RIP John Lennon

Somehow I missed the 29th anniversary of John Lennon’s death yesterday. Other distractions and inattention I guess. Anyway, in observance of that tragic event, a day late, I offer up a video made up film clips from his last few years from family archives, over top of the the beautiful song of his, “Watching the Wheels.” The song was one of the numbers he was working on earlier in the evening he was killed and released early in 1981.

I also am posting an original observance of his death that I wrote on the day after he was gunned down. It’s not well written, but it was heartfelt. Maybe it’s interesting in that it shows a glimpse of a small space in time when this event was not just still raw, but a time in which we could not yet know how much we would miss his genius.

John Lennon died last night. He was 40 years old. In the last 17 years he changed the world in more ways than most politicians, generals, rulers, and revolutionaries. He changed the world one person at a time. He changed the world by being himself and by showing others that they too could be themselves.

Lennon was gunned down by a reputed “fan,” though that terminology seems strange and inaccurate in describing someone who could have orchestrated such a deed. Clearly, he was the target of a deranged individual.

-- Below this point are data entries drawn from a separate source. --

Definition disagree n q (S : {set 'I_n}) (A : 'I_n -> {set 'I_q}) (c : sword n q)
  : {set 'I_n} :=
  [set i in S | match c i with Some x => x \notin A i | None => true end].

Definition list_recoverable (R : realType) n q (S : {set 'I_n})
  (D : {set sword n q}) (rho : R) (l : nat) (L : R) : Prop :=
  forall A : 'I_n -> {set 'I_q},
    (forall i, i \in S -> #|A i| <= l)%N ->
    (#|[set c in D | (#|disagree S A c|%:R <= rho * #|S|%:R)%R]|%:R <= L)%R.

Definition collide n q (S : {set 'I_n}) (C' : {set sword n q}) : {set 'I_n} :=
  [set i in S | [exists c1 in C', exists c2 in C', (c1 != c2) && (c1 i == c2 i)]].

From mathcomp Require Import all_boot all_order all_algebra reals.
From mathcomp Require Import zify ring lra.
From Stdlib Require Import Classical.
Import Order.TTheory GRing.Theory Num.Theory.
Set Implicit Arguments. Unset Strict Implicit. Unset Printing Implicit Defensive.

(* A witness A of non-recoverability yields a set D0 of
   N = floor(l(1 + alpha)) + 1 words of C_S, each agreeing with A on all but
   rho|S| coordinates.  For i in S, the words of D0 agreeing with A at i take at
   most l symbols there, so a maximal matching of colliding pairs among them
   has at least (|X_i| - l)/2 pairs.  Counting, over all t-subsets of D0, the
   matched pairs inside the subset (a second-moment argument resting on
   C(N,t) C(N-4,t-4) <= C(N-2,t-2)^2) shows that i collides in a large share of
   the t-subsets; averaging over i then gives one t-subset C' with
   sum_i (|X_i| - l) <= 4(N - l)|T_S(C')|, and with t ~ 10 sqrt(l/gamma) the
   arithmetic turns this into |T_S(C')| >= sigma |S| / 4. *)

Section SubsetCounting.
Variable T : finType.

Clearly, the world will never be the same due to the act of a single man bent on this sort of mayhem.

Lennon, of course, rose to prominence as a member of the Beatles, the all-time top selling music act, ever. The Beatles did more than sell record, however. They helped to define a generation, influencing the way this generation talked, thought, dressed, and more. They influenced philosophy, the social order, the anti-war movement, gender equity, racial equality, and so much more.

At the forefront of those changes, John Lennon stood, advocating for change and peace and acceptance of new and fresh ideas. He changed art, fashion, and social conscienceness, and of course, music.

Lennon had been in a self-imposed exile of a sort for the past five or six years, choosing to be a house-husband and care-giver to his five year old son, Sean. During that time he recorded and performed very little, and released nothing new, commercially. In October, when he turned forty, he released his newest album, “Double Fantasy.” Songs from that album have been well received, as has the album itself. Everyone who was a fan was excited that Lennon was back. He was already in the studio recording songs for another album. The world will now never know what music, what causes, what insights, might have been forthcoming from the prolific Liverpudlian.

Our son turned one year old a few days after Lennon celebrated his forthieth birthday. A few days after the release of the latest Lennon album. He will now never know Lennon as anything other than a historical figure. He will never grasp how much the world changed after John Lennon entered the public stage when compared to the world before that event. He’ll be able to wear his hair whatever length he chooses, sport a beard, dress in colorful, nontraditional clothes, bluejeans, army jackets, or whatever other choices of personal grooming or accoutrements are important to him without thinking about it. John Lennon made those things possible by breaking down the barriers.

I grew up in the button down fifties, came to age in the era of permanent press. I wore white shirts, skinny single color ties, and earth-tone slacks. We all did. Then the Beatles showed us a new way. Tie dye, paisley, bright colors, bagging bell bottom jeans, anything we cared or dared to wear.

I grew up in an era of boys wearing closely cropped hair, and facial hair was thought to signify decadence or rebellion. The Beatles changed that. They wore their hair in what was described as a mop-top style, long and well groomed. They later wore it even longer and more freeform. They also wore beards, showing the world that there was nothing wrong with expressing oneself through a sense of individuality.

This is the legacy that my son inherits. These are the choices that he has, that he was born with, that I only came to in my twenties, and only because of The Beatles and John Lennon. He will be able to express his opinions about war and peace, the environment, social justice, and all other aspects of the human condition and the political realm without fear of reprisal or being made to feel that he has no right to do so. It’s a legacy of a man who died last night, who my son will never get to know. It’s a legacy that did not die with the man, but one which will live in the hearts and minds of those of us who knew him, or felt we did, through his music and art and individualism. It’s a legacy that will live on into the future of even those who never knew John Lennon, and maybe will not even know about him and his influence. It’s a legacy that did not die on the streets of New York last night. It’s a legacy that will not die as long as one Lennon song is still played, as long as one person speaks up without fear of reprisal, as long as one person feels a sense of their own individuality and expresses it for the world to see.